As a rule of thumb, to use word embedding effectively, how big ought my corpus be and what ought to be the size of each feature's vector?

I have been experimenting with word embedding (a la word2vec). [1] My corpus (a subset of the EEBO, ECCO, and Sabin collections) contains approximately 2.3 billion words. It can be logically & easily sub-divided into smaller corpora. Even considering the high-performance computing resources at my disposal, creating a word2vec binary file is not trivial. The process requires a lot RAM, disk space, and CPU cycles. Once I create a word2vec binary file, I can easily query it through using the word2vec tools or through the use of library such as the one supported by Gensim. [2] I am getting interesting results. For example, based on models created from different centuries of content, I can demonstrate changes of politics as well as changes in the definition of love.
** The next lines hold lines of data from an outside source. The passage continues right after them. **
(* Let $Q$ be a connected non-Abelian complex algebraic group with Lie algebra $\mathfrak q$, and let $\mathfrak l\subset\mathfrak q$ be a Lie subalgebra. If $A\subset\mathcal S(\mathfrak q)^{\mathfrak l}$ is a Poisson-commutative subalgebra, then $$\mathrm{tr.deg}\,A\le\tfrac12(\dim\mathfrak q-\mathrm{ind}\,\mathfrak q-\dim\mathfrak l+\mathrm{ind}\,\mathfrak l)+\mathrm{ind}\,\mathfrak q=\mathbf b(\mathfrak q)-\mathbf b(\mathfrak l)+\mathrm{ind}\,\mathfrak l.$$
   Context: $\mathcal S(\mathfrak q)\cong\mathbb C[\mathfrak q^*]$ with the Lie–Poisson bracket. $\mathcal S(\mathfrak q)^{\mathfrak l}=\{F\in\mathcal S(\mathfrak q):\{\xi,F\}=0\ \forall \xi\in\mathfrak l\}$. For a Lie algebra $\mathfrak a$, $\mathrm{ind}\,\mathfrak a=\min_{\gamma\in\mathfrak a^*}\dim\mathfrak a_\gamma$, where $\mathfrak a_\gamma$ is the coadjoint stabiliser of $\gamma$, and $\mathbf b(\mathfrak a)=(\dim\mathfrak a+\mathrm{ind}\,\mathfrak a)/2$. *)

From mathcomp Require Import all_boot all_algebra.
From mathcomp Require Import Rstruct.
From mathcomp Require realfun.
From mathcomp Require Import complex mpoly.
Set Implicit Arguments. Unset Strict Implicit. Unset Printing Implicit Defensive.
Import GRing.Theory.
Local Open Scope ring_scope.

Definition CC : fieldType := (Rdefinitions.R)[i].

(* A Lie algebra q of dimension n over C: underlying space C^n = 'rV[CC]_n with
   standard basis e_i = delta_mx 0 i, and bracket given by structure constants
   c i j = [e_i, e_j], extended bilinearly. *)
Definition lie_br (n : nat) (c : 'I_n -> 'I_n -> 'rV[CC]_n)
  (x y : 'rV[CC]_n) : 'rV[CC]_n :=
  \sum_(i < n) \sum_(j < n) (x 0 i * y 0 j) *: c i j.

Definition is_lie_algebra (n : nat) (c : 'I_n -> 'I_n -> 'rV[CC]_n) : Prop :=
  (forall x, lie_br c x x = 0) /\
  (forall x y z, lie_br c x (lie_br c y z) + lie_br c y (lie_br c z x)
                 + lie_br c z (lie_br c x y) = 0).

Definition non_abelian (n : nat) (c : 'I_n -> 'I_n -> 'rV[CC]_n) : Prop :=
  exists x y, lie_br c x y != 0.

(* A Lie subalgebra l of q, given as the row space of a square matrix L. *)
Definition lie_subalgebra (n : nat) (c : 'I_n -> 'I_n -> 'rV[CC]_n)
  (L : 'M[CC]_n) : Prop :=
  forall x y, (x <= L)%MS -> (y <= L)%MS -> (lie_br c x y <= L)%MS.

(* A linear form gamma on q is a column vector: gamma(x) = (x *m gamma) 0 0.
   Restrictions of such forms to l give all of l^*. *)
Definition gram (n : nat) (c : 'I_n -> 'I_n -> 'rV[CC]_n) (gamma : 'cV[CC]_n)
  : 'M[CC]_n :=
  \matrix_(i, j) (lie_br c (delta_mx 0 i) (delta_mx 0 j) *m gamma) 0 0.

(* Coadjoint stabiliser of gamma|_l in l:
   l_gamma = { x in l | gamma([x, y]) = 0 for all y in l }
           = l ∩ { x | x *m gram *m L^T = 0 }. *)
Definition coad_stab (n : nat) (c : 'I_n -> 'I_n -> 'rV[CC]_n)
  (L : 'M[CC]_n) (gamma : 'cV[CC]_n) : 'M[CC]_n :=
  (L :&: kermx (gram c gamma *m L^T))%MS.

Definition is_index (n : nat) (c : 'I_n -> 'I_n -> 'rV[CC]_n)
  (L : 'M[CC]_n) (k : nat) : Prop :=
  (exists gamma, \rank (coad_stab c L gamma) = k) /\
  (forall gamma, (k <= \rank (coad_stab c L gamma))%N).

Definition bnum (d i : nat) : rat := (d%:R + i%:R) / 2.

(* S(q) = C[q^*] = {mpoly CC[n]}; the element x of q is the linear polynomial
   sum_i x_i X_i. *)
Definition lin (n : nat) (x : 'rV[CC]_n) : {mpoly CC[n]} :=
  \sum_(i < n) x 0 i *: 'X_i.

Definition pbr (n : nat) (c : 'I_n -> 'I_n -> 'rV[CC]_n)
  (F G : {mpoly CC[n]}) : {mpoly CC[n]} :=
  \sum_(i < n) \sum_(j < n) lin (c i j) * (mderiv i F) * (mderiv j G).

Definition l_invariant (n : nat) (c : 'I_n -> 'I_n -> 'rV[CC]_n)
  (L : 'M[CC]_n) (F : {mpoly CC[n]}) : Prop :=
  forall xi, (xi <= L)%MS -> pbr c (lin xi) F = 0.

Definition is_subalgebra (n : nat) (A : {pred {mpoly CC[n]}}) : Prop :=
  [/\ 1 \in A,
      forall F G, F \in A -> G \in A -> F + G \in A,
      forall F G, F \in A -> G \in A -> F * G \in A &
      forall (a : CC) F, F \in A -> a *: F \in A].

Definition alg_indep (n k : nat) (f : 'I_k -> {mpoly CC[n]}) : Prop :=
  forall P : {mpoly CC[k]}, comp_mpoly [tuple f i | i < k] P = 0 -> P = 0.

From mathcomp Require Import all_boot all_algebra.
From mathcomp Require Import Rstruct.
From mathcomp Require Import complex mpoly.
From mathcomp Require Import zify ring lra.
From Stdlib Require Import Classical.
Set Implicit Arguments. Unset Strict Implicit. Unset Printing Implicit Defensive.
Import GRing.Theory Num.Theory.
Local Open Scope ring_scope.

(* For gamma in q^*, let B_gamma(x, y) = gamma([x, y]); the Poisson bracket of
   F and G at gamma is B_gamma(dF, dG). By the Jacobian criterion, at a generic
   gamma the differentials of algebraically independent f_1, ..., f_k in A span
   a k-dimensional subspace V of q; Poisson-commutativity makes V isotropic for
   B_gamma and l-invariance makes V orthogonal to l. At a generic gamma the form
   B_gamma has rank at least dim q - ind q, and its restriction to l has rank at
   least dim l - ind l. Since B_gamma has the same rank on V + l as on l, a rank
   count gives 2k + dim l <= dim q + ind q + ind l. *)

(** * Linear algebra *)

Lemma row_free_col_mxl (F : fieldType) m1 m2 n (A : 'M[F]_(m1, n)) (B : 'M_(m2, n)) :
  row_free (col_mx A B) -> row_free A.
Proof.
rewrite /row_free -addsmxE => /eqP rk_AB.
have [le_AB _] := mxrank_adds_leqif A B.
by rewrite eqn_leq rank_leq_row /=; have := rank_leq_row B; lia.
Qed.

Lemma mulmx_trmx_entry (R : nzRingType) m1 m2 n (A : 'M[R]_(m1, n)) (M : 'M_n)
    (C : 'M_(m2, n)) a b :
  (A *m M *m C^T) a b = (row a A *m M *m (row b C)^T) 0 0.
Proof. by rewrite -row_mul !mxE; apply: eq_bigr => l _; rewrite !mxE. Qed.

Lemma mxrank_congruence_ge (F : fieldType) m n (B : 'M[F]_n) (U : 'M_(m, n)) :
  (2 * \rank U + \rank B <= \rank (U *m B *m U^T) + 2 * n)%N.
Proof.
by have := mxrank_mul_min (U *m B) U^T; have := mxrank_mul_min U B; rewrite mxrank_tr; lia.
Qed.
Lemma H_le_H1 n q : (1 <= q)%Z -> H n q <= H n 1.
Proof.
  intros Hq; apply sumR_le; intros i Hi.
  assert (Hi1 : 1 <= INR i) by (apply (le_INR 1); lia).
  replace q with (Z.of_nat (S (Z.to_nat q - 1))) by lia.
  rewrite powerRZ_inv_1, powerRZ_neg', <- pow_powerRZ.
  apply Rinv_le_contravar; [lra |].
  rewrite <- (pow_1 (INR i)) at 1; apply Rle_pow; [lra | lia].
Qed.

Lemma H_le_pow n q : (q <= 0)%Z -> H n q <= INR n ^ S (Z.to_nat (- q)).
Proof.
  intros Hq; unfold H; simpl pow; rewrite <- sumR_const; apply sumR_le; intros i Hi.
  set (a := Z.to_nat (- q)); replace (- q)%Z with (Z.of_nat a) by lia; rewrite <- pow_powerRZ.
  apply pow_incr; split; [apply pos_INR | apply le_INR; lia].
Qed.

Lemma H_mul_le q t n : (1 <= t)%nat -> (2 <= q + Z.of_nat t)%Z ->
  H (S n) q * INR (S n) <= H (S n) 1 * INR (S n) ^ t.
Proof.
  intros Ht Hqt; pose proof (INR_succ_ge1 n) as HN.
  assert (HNt : INR (S n) <= INR (S n) ^ t)
    by (rewrite <- (pow_1 (INR (S n))) at 1; apply Rle_pow; auto).
  pose proof (H1_succ_ge1 n) as Hh1; pose proof (H_nonneg (S n) q) as Hhq.
  destruct (Z_le_gt_dec 1 q) as [Hq | Hq].
  - pose proof (H_le_H1 (S n) q Hq) as Hle; apply Rmult_le_compat; lra.
  - assert (Hpow : INR (S n) ^ S (Z.to_nat (- q)) * INR (S n) <= INR (S n) ^ t).
    { rewrite <- tech_pow_Rmult, Rmult_comm; change (INR (S n) ^ S (S (Z.to_nat (- q)))
        <= INR (S n) ^ t); apply Rle_pow; [auto | lia]. }
    assert (Hle : H (S n) q <= INR (S n) ^ S (Z.to_nat (- q))) by (apply H_le_pow; lia).
    assert (HNt0 : 0 <= INR (S n) ^ t) by (apply pow_le; lra); nra.
Qed.

Lemma S_term_bound q t r n : (1 <= t)%nat -> (2 <= q + Z.of_nat t)%Z ->
  Rabs (S_term q t r n) <= H (S n) 1 / (INR (S n) * INR (S n)).
Proof.
  intros Ht Hqt; unfold S_term; pose proof (INR_succ_ge1 n) as HN.
  pose proof (pos_INR r) as Hr; pose proof (H_mul_le q t n Ht Hqt) as Hmul.
  assert (HNt : 0 < INR (S n) ^ t) by (apply pow_lt; lra).
  unfold Rdiv; rewrite Rabs_mult, Rabs_mult, pow_1_abs, Rmult_1_l.
  rewrite (Rabs_right (H (S n) q)) by (apply Rle_ge, H_nonneg).
  rewrite Rabs_right by (apply Rle_ge; left; apply Rinv_0_lt_compat, Rmult_lt_0_compat; lra).
  pose proof (H1_succ_ge1 n) as Hh1.
  apply Rdiv_le_cross; [apply Rmult_lt_0_compat; lra | nra |].
  assert (Hstep : H (S n) q * INR (S n) * INR (S n) <= H (S n) 1 * INR (S n) ^ t * INR (S n))
    by (apply Rmult_le_compat_r; lra).
  assert (Hrest : 0 <= H (S n) 1 * INR (S n) ^ t * INR r)
    by (apply Rmult_le_pos; [apply Rmult_le_pos |]; lra).
  nra.
Qed.

Lemma H1_succ_div_le n : H (S (S n)) 1 / INR (S (S n)) <= H (S n) 1 / INR (S n).
Proof.
  rewrite H_succ, (S_INR (S n)), powerRZ_inv_1.
  set (N := INR (S n)); set (h := H (S n) 1).
  assert (HN : 1 <= N) by apply INR_succ_ge1.
  assert (Hh : 1 <= h) by apply H1_succ_ge1.
  assert (Hinv : / (N + 1) * (N + 1) = 1) by (field; lra).
  assert (Hinv0 : 0 < / (N + 1)) by (apply Rinv_0_lt_compat; lra).
  apply Rdiv_le_cross; nra.
Qed.

(* H_n / n^2 <= 2 H_n / (n (n+1)) = 2 (H_n / n - H_(n+1) / (n+1)) + 2 / (n+1)^2,
   and both parts telescope. *)
Lemma H1_div_sq_le n :
  H (S n) 1 / (INR (S n) * INR (S n)) <=
  2 * (H (S n) 1 / INR (S n) - H (S (S n)) 1 / INR (S (S n)))
  + 2 * (/ INR (S n) - / INR (S (S n))).
Proof.
  rewrite (H_succ (S n)), (S_INR (S n)), powerRZ_inv_1.
  set (N := INR (S n)); set (h := H (S n) 1).
  assert (HN : 1 <= N) by apply INR_succ_ge1.
  assert (Hh : 1 <= h) by apply H1_succ_ge1.
  assert (E1 : h / (N * N) <= 2 * h / (N * (N + 1))).
  { assert (HhN : 0 <= h * N * (N - 1)) by (apply Rmult_le_pos; [apply Rmult_le_pos |]; lra).
    apply Rdiv_le_cross; nra. }
  assert (E2 : / ((N + 1) * (N + 1)) <= / (N * (N + 1))) by (apply Rinv_le_contravar; nra).
  replace (2 * (h / N - (h + / (N + 1)) / (N + 1)) + 2 * (/ N - / (N + 1)))
    with (2 * h / (N * (N + 1)) - 2 * / ((N + 1) * (N + 1)) + 2 * / (N * (N + 1)))
    by (field; lra).
  lra.
Qed.

Lemma ex_series_H1_div_sq : ex_series (fun n => H (S n) 1 / (INR (S n) * INR (S n))).
Proof.
  assert (Hpos : forall n, 0 < INR (S n)) by (intros; apply lt_0_INR; lia).
  pose (u := fun n => H (S n) 1 / INR (S n)); pose (v := fun n => / INR (S n)).
  apply (@ex_series_le R_AbsRing R_CompleteNormedModule _
    (fun n => 2 * (u n - u (S n)) + 2 * (v n - v (S n)))).
  - intros n; change (Rabs (H (S n) 1 / (INR (S n) * INR (S n)))
      <= 2 * (u n - u (S n)) + 2 * (v n - v (S n))).
    rewrite Rabs_right; [apply H1_div_sq_le |].
    apply Rle_ge, Rdiv_le_0_compat; [apply H_nonneg | apply Rmult_lt_0_compat; auto].
  - apply (ex_series_plus (fun n => 2 * (u n - u (S n))) (fun n => 2 * (v n - v (S n)))).
    + apply (ex_series_scal 2 (fun n => u n - u (S n))), ex_series_telescoping; unfold u.
      * apply H1_succ_div_le.
      * intros n; apply Rdiv_le_0_compat; auto; apply H_nonneg.
    + apply (ex_series_scal 2 (fun n => v n - v (S n))), ex_series_telescoping; unfold v.
      * intros n; apply Rinv_le_contravar; [apply Hpos | rewrite (S_INR (S n)); lra].
      * intros n; left; apply Rinv_0_lt_compat, Hpos.
Qed.

Lemma S_term_ex_series q t r : (1 <= t)%nat -> (2 <= q + Z.of_nat t)%Z ->
  ex_series (S_term q t r).
Proof.
  intros Ht Hqt.
  apply (@ex_series_le R_AbsRing R_CompleteNormedModule _
    (fun n => H (S n) 1 / (INR (S n) * INR (S n)))); [| apply ex_series_H1_div_sq].
  intros n; apply S_term_bound; assumption.
Qed.

(** * Termwise summation *)

Lemma is_series_R0 : is_series (fun _ : nat => 0) 0.
Proof.
  change (is_lim_seq (sum_n (fun _ : nat => 0)) 0).
  apply (is_lim_seq_ext (fun _ => 0)); [| apply is_lim_seq_const].
  intros n; induction n; [rewrite sum_O; reflexivity |].
  rewrite sum_Sn, <- IHn; change plus with Rplus; simpl; ring.
Qed.

Lemma is_series_scal_R c (u : nat -> R) l : is_series u l -> is_series (fun n => c * u n) (c * l).
Proof. apply (is_series_scal c u l). Qed.

Lemma is_series_sumN (F : nat -> nat -> R) (L : nat -> R) lo c :
  (forall i, (lo <= i < lo + c)%nat -> is_series (F i) (L i)) ->
  is_series (fun n => sumN (fun i => F i n) lo c) (sumN L lo c).
Proof.
  revert lo; induction c; intros lo HF; simpl; [apply is_series_R0 |].
  apply (is_series_plus (F lo) (fun n => sumN (fun i => F i n) (S lo) c)).
  - apply HF; lia.
  - apply IHc; intros; apply HF; lia.
Qed.

Lemma is_series_sumR (F : nat -> nat -> R) (L : nat -> R) lo hi :
  (forall i, (lo <= i <= hi)%nat -> is_series (F i) (L i)) ->
  is_series (fun n => sumR lo hi (fun i => F i n)) (sumR lo hi L).
Proof. intros HF; apply is_series_sumN; intros; apply HF; lia. Qed.
Definition epi_on (R S : comPzRingType) (f : R -> S) (A : R -> Prop) (C : S -> Prop) : Prop :=
  forall (T : comPzRingType) (g h : S -> T),
    rmorph_on C g -> rmorph_on C h ->
    (forall a, A a -> g (f a) = h (f a)) ->
    forall c, C c -> g c = h c.

Definition flat_epi_on (R S : comPzRingType) (f : R -> S) (A : R -> Prop) (C : S -> Prop) : Prop :=
  flat_on f A C /\ epi_on f A C.

Definition fullset (T : Type) : T -> Prop := fun _ => True.

Definition integral_morphism (R S : comNzRingType) (f : {rmorphism R -> S}) : Prop :=
  integral_on f (@fullset R) (@fullset S).

Definition flat_epimorphism (R S : comNzRingType) (f : {rmorphism R -> S}) : Prop :=
  flat_epi_on f (@fullset R) (@fullset S).

Definition prufer_sub (S : comNzRingType) (A' : S -> Prop) : Prop :=
  forall C : S -> Prop, is_subring C -> (forall x, A' x -> C x) ->
    flat_epi_on id A' C.

Definition quasi_prufer_ext (R S : comNzRingType) (f : {rmorphism R -> S}) : Prop :=
  injective f /\
  exists A' : S -> Prop,
    is_subring A' /\ (forall r, A' (f r)) /\
    integral_on f (@fullset R) A' /\ prufer_sub A'.

(* Write P[X] for the extension to A[X] of an ideal P of A.  A ring A is quasi-Prüferian
   iff every prime Q of A[X] disjoint from Sigma_A equals (Q ∩ A)[X].

   Let Q be such a prime of S[X] and R quasi-Prüferian.  The contraction
   of Q to R[X] is of the form q[X], so the primes (Q ∩ S)[X] ⊆ Q contract to the same
   prime of R[X]; on the part of S[X] that is integral over R[X] (the polynomials with
   integral coefficients) incomparability forces them to agree.  For the descent along an
   injective integral map, a prime q of R[X] disjoint from Sigma_R lies in some M[X];
   lying over and going up give primes Q1 ⊆ Q2 of S[X] over q and M[X], incomparability
   gives Q2 ⊆ (Q2 ∩ S)[X], so Q1 is disjoint from Sigma_S and S transfers its property
   to q.

   If A0 ⊆ S is an epimorphism, every A0-linear map from S to an
   S-module is S-linear: the two S-actions on the A0-linear maps are two ring morphisms
   into their (commutative) bicommutant that agree on A0.  Hence the image of S in the
   residue field of a prime Q of S[X] lies in the subfield generated by the image of A0
   (otherwise a linear functional over that subfield killing some s but not 1 would be
   A0-linear and not S-linear).  Clearing denominators, each g in Q is, up to a unit
   modulo Q, a polynomial in Q with coefficients in A0, and when A0 is integral over R
   the integral case applies to it.  Flat epimorphisms (A0 = f(R)) and quasi-Prüfer
   extensions (A0 = the integral part) are of this kind. *)

From HB Require Import structures.
From mathcomp Require Import all_boot all_order all_algebra.
From mathcomp Require Import boolp classical_sets.
From mathcomp Require Import ring.
Set Implicit Arguments. Unset Strict Implicit. Unset Printing Implicit Defensive.
Import GRing.Theory.
Local Open Scope ring_scope.

Section Ideals.
Variable A : comPzRingType.
Implicit Types (I : A -> Prop) (x y : A).

Lemma ideal0 I : is_ideal I -> I 0.
Proof. by case. Qed.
I want to use word embedding on smaller corpora, but don't know how small is too small. Nor do I have an idea how large each feature's vector must be in order to be useful. To what degree will word embedding work on things like the size of a novel, and if they can be effective on a document that small, then what might be a recommended value for a vector's size when creating the model? Similarly, if my corpus is a billion words in size, then how many dimensions ought to the size of each vector?

Fun with natural language processing and machine learning.

[1] word2vec - https://github.com/tmikolov/word2vec
[2] Gensim - https://radimrehurek.com/gensim/models/word2vec.html

--
Eric Morgan